- Extracted records:
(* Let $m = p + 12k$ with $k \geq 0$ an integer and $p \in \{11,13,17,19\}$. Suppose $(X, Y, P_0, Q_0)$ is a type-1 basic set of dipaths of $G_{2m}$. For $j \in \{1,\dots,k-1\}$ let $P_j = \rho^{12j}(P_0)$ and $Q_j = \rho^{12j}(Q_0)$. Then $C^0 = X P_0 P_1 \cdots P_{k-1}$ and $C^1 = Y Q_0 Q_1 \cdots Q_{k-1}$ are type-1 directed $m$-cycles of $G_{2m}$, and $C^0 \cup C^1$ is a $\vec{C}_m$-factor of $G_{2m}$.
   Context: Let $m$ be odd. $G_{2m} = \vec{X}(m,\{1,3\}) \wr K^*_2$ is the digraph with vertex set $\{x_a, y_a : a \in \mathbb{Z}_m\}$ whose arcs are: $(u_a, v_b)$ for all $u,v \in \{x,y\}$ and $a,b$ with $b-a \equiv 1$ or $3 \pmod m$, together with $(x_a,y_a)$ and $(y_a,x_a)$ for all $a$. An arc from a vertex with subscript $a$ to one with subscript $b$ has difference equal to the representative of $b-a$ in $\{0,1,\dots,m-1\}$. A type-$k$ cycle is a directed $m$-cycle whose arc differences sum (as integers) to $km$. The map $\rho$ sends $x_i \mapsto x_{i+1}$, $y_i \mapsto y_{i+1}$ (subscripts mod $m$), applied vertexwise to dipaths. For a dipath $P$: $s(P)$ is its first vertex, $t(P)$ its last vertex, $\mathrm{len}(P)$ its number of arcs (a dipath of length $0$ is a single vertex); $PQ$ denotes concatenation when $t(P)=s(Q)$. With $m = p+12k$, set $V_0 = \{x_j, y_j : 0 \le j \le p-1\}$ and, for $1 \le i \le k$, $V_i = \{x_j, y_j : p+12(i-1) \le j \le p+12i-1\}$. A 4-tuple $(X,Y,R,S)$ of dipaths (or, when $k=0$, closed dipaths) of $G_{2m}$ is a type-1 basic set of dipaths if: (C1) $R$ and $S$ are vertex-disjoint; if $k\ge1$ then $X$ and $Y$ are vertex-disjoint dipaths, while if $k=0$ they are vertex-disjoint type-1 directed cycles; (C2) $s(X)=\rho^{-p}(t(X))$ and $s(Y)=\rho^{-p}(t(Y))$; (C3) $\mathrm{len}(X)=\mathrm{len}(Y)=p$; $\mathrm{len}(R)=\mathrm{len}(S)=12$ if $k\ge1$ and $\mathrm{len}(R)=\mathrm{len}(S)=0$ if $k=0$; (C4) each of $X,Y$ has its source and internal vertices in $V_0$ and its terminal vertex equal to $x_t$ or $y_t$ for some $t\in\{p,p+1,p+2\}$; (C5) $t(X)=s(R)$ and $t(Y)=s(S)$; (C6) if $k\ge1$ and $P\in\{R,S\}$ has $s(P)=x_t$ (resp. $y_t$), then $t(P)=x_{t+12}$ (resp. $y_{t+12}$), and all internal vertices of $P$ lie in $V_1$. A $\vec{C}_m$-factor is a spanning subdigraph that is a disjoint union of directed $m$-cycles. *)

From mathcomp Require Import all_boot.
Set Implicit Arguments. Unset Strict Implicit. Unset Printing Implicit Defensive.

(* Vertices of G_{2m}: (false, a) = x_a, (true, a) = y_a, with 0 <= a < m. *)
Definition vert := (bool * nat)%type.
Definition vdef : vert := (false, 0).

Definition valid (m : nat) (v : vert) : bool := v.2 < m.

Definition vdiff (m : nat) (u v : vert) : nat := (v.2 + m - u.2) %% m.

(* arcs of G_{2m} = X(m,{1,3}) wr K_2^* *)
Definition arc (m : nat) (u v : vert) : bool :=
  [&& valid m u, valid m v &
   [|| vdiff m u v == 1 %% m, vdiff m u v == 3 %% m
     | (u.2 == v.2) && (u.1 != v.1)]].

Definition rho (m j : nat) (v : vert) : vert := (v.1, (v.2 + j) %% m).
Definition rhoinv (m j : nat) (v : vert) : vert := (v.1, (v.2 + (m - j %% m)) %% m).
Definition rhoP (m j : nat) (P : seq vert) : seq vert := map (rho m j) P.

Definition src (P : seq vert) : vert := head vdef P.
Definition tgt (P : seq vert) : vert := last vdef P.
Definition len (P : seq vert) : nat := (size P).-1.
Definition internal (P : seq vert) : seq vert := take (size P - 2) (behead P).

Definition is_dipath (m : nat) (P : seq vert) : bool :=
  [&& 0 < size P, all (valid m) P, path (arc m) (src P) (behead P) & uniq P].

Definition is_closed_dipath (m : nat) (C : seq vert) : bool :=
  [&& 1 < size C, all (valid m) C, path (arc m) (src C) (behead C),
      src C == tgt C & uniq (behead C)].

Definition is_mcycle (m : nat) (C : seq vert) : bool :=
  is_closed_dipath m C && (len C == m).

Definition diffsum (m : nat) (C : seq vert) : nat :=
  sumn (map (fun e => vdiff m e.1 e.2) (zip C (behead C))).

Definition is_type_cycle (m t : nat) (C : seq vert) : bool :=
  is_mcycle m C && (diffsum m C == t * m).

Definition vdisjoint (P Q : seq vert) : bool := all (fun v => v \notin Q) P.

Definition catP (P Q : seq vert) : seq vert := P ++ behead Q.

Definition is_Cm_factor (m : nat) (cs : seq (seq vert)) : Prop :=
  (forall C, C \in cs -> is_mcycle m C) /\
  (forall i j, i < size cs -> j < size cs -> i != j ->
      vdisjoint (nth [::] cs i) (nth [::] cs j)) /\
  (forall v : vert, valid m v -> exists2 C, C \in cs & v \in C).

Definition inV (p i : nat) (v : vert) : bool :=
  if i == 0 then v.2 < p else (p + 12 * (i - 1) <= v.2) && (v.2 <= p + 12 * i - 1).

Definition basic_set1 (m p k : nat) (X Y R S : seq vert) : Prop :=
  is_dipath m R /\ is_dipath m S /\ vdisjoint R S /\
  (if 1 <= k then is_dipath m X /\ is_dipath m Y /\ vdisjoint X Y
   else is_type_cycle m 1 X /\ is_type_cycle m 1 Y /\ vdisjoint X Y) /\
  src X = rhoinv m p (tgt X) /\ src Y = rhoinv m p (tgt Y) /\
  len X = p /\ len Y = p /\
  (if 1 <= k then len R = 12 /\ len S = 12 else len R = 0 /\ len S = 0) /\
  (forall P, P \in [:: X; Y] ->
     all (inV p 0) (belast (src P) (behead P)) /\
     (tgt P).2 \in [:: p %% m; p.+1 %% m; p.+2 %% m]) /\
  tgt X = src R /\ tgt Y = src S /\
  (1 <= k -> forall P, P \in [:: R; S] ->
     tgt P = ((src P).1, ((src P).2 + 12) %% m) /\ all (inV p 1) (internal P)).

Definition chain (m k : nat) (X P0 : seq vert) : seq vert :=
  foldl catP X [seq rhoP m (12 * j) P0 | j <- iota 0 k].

- Task requirements: Using the entries above, give again exactly the lines from the line holding "is_closed_dipath m C && (len C == m)." through the line holding "is_mcycle m C && (diffsum m C == t * m).". Include both end lines and nothing else.

- Problem solution:
  is_closed_dipath m C && (len C == m).

Definition diffsum (m : nat) (C : seq vert) : nat :=
  sumn (map (fun e => vdiff m e.1 e.2) (zip C (behead C))).

Definition is_type_cycle (m t : nat) (C : seq vert) : bool :=
  is_mcycle m C && (diffsum m C == t * m).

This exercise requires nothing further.